> [ACTIVITY]: Word for word, transcribe the data below from the line with "From HB Require Import structures." to the line with "Local Open Scope ring_scope.", keeping both of those lines.

____ MATERIAL FOR THE TASK

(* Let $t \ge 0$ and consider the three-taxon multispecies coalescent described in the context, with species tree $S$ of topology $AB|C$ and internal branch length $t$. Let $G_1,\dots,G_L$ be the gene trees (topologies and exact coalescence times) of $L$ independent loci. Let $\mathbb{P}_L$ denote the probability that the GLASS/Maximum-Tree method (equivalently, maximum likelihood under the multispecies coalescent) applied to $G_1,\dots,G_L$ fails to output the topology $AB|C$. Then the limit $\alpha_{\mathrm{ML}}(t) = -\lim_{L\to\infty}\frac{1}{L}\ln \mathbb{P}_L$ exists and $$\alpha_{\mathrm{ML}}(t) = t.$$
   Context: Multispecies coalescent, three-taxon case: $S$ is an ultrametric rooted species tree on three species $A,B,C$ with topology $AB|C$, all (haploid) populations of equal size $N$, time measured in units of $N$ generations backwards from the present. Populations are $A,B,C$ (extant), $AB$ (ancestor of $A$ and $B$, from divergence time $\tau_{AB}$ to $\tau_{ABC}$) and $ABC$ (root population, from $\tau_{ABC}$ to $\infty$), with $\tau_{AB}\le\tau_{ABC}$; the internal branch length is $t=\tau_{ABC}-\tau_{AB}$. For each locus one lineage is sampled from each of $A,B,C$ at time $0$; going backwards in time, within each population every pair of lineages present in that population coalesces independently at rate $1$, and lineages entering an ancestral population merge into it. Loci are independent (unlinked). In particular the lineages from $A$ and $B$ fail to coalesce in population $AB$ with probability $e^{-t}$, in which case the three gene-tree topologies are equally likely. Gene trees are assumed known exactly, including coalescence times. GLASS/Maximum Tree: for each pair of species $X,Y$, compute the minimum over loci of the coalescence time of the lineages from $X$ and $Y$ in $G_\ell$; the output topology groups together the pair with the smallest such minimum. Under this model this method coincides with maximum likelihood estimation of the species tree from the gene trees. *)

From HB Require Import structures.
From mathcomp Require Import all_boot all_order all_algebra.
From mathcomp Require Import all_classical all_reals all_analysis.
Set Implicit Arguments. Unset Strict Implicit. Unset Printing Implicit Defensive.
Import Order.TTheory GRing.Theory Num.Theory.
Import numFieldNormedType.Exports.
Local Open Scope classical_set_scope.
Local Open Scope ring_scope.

________
____ MATERIAL FOR THE TASK

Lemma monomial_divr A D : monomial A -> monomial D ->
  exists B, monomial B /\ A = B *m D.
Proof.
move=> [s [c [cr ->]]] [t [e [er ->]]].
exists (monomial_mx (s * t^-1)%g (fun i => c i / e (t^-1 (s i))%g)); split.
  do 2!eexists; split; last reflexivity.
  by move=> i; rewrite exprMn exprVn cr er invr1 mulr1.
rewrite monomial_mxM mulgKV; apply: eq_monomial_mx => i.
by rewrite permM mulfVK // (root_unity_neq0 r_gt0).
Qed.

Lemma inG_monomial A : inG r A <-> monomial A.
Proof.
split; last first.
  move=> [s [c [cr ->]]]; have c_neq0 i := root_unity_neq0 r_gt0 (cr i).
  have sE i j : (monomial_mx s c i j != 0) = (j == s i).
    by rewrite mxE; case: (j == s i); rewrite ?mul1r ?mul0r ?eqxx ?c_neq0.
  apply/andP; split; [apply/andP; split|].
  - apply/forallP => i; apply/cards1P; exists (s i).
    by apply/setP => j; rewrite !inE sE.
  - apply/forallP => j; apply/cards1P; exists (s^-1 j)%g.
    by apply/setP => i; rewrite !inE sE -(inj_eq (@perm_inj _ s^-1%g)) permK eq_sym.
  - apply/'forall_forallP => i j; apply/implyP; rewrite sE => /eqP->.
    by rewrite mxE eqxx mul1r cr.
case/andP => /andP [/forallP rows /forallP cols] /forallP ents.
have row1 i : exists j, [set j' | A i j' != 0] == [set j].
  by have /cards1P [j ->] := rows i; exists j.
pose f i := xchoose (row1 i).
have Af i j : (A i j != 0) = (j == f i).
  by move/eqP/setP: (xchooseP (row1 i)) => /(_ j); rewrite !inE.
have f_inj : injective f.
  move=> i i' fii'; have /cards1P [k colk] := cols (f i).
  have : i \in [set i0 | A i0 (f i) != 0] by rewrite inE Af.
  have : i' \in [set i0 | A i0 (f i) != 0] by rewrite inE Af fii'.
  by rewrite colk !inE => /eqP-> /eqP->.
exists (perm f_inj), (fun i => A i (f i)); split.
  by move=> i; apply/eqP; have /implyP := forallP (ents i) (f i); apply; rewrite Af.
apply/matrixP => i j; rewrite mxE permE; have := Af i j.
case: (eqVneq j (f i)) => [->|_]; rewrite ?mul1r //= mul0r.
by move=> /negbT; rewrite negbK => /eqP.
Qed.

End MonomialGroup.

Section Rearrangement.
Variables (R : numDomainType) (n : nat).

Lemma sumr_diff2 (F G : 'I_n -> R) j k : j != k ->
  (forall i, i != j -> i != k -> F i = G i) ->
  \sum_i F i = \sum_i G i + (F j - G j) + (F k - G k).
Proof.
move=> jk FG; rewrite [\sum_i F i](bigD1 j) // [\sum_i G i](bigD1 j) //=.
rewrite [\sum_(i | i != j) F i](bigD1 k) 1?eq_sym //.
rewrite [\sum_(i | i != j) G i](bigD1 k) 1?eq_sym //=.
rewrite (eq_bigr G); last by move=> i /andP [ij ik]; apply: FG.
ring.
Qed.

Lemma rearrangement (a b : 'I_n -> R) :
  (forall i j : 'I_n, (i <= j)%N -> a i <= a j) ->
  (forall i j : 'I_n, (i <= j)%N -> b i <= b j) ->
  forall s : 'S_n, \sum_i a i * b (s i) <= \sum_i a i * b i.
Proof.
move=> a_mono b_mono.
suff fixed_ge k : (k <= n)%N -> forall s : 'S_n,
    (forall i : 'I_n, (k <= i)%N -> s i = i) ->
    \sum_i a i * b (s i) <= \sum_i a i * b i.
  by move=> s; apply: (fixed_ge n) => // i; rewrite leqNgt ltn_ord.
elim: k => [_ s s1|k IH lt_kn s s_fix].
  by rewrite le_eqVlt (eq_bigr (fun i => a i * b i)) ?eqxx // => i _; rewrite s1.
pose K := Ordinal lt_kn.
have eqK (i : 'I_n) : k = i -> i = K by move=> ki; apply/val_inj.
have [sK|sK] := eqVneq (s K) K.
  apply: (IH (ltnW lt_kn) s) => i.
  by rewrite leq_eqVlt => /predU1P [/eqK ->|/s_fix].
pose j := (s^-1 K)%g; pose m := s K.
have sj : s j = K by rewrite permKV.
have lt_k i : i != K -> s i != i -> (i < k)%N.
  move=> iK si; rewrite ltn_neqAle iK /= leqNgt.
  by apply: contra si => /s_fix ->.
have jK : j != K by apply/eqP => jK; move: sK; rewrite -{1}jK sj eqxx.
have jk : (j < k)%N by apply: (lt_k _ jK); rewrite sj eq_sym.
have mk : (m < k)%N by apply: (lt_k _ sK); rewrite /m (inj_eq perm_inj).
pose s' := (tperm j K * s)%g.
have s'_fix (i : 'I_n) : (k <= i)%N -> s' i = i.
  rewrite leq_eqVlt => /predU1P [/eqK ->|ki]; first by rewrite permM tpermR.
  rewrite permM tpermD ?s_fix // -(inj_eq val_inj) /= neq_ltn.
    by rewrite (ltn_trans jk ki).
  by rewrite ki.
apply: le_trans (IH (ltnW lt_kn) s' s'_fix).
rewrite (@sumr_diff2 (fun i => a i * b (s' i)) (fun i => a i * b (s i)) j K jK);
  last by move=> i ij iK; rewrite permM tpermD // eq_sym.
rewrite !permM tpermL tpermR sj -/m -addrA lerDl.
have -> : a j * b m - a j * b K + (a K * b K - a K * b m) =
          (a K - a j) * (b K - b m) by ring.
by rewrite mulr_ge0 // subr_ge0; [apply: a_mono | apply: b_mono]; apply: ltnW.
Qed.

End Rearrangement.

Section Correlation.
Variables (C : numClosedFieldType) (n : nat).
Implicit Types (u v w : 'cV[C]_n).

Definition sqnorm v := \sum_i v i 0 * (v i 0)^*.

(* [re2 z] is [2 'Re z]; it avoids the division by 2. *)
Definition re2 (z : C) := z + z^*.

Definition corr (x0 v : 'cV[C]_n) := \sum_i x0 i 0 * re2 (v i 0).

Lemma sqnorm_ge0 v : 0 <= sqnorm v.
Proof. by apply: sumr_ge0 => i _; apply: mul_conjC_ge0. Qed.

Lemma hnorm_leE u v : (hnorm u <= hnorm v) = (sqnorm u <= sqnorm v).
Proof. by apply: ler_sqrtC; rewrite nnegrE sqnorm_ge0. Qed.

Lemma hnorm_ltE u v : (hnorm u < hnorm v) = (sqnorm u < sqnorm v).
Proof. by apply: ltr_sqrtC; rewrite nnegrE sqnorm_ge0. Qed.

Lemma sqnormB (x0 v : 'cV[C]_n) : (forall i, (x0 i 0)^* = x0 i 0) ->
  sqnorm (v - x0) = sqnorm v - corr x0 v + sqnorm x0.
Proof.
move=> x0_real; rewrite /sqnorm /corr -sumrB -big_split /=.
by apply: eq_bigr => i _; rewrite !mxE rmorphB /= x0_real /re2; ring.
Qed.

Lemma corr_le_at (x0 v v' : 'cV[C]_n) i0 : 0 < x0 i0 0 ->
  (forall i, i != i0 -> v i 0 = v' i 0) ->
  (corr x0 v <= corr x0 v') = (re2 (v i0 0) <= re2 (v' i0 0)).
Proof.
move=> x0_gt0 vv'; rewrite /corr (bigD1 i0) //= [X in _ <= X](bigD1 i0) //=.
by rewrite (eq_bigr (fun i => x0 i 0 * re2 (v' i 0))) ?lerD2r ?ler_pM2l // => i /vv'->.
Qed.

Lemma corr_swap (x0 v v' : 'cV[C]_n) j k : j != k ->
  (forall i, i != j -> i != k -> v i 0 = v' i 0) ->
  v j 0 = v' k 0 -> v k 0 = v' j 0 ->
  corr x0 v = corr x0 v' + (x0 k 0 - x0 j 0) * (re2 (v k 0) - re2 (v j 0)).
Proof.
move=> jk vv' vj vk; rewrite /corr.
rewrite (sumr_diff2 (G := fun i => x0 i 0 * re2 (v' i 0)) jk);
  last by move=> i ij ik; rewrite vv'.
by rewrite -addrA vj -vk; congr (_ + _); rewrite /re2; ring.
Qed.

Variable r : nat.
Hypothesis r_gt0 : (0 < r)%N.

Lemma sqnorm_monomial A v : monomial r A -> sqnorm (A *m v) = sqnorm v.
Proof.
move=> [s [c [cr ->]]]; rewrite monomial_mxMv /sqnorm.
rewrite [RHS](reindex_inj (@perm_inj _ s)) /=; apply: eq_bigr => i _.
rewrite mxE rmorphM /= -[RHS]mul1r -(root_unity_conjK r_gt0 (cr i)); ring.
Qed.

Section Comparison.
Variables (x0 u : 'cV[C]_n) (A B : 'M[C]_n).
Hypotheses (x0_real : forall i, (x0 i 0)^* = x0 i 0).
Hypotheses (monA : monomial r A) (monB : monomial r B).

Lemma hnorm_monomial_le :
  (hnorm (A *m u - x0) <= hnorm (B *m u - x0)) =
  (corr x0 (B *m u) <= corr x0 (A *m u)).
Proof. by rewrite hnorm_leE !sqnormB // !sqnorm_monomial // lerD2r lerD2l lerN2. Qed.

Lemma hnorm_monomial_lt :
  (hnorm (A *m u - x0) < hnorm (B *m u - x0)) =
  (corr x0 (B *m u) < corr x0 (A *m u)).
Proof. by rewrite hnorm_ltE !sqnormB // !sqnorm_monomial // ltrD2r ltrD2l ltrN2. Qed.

________

> [EXERCISE OUTPUT]:
From HB Require Import structures.
From mathcomp Require Import all_boot all_order all_algebra.
From mathcomp Require Import all_classical all_reals all_analysis.
Set Implicit Arguments. Unset Strict Implicit. Unset Printing Implicit Defensive.
Import Order.TTheory GRing.Theory Num.Theory.
Import numFieldNormedType.Exports.
Local Open Scope classical_set_scope.
Local Open Scope ring_scope.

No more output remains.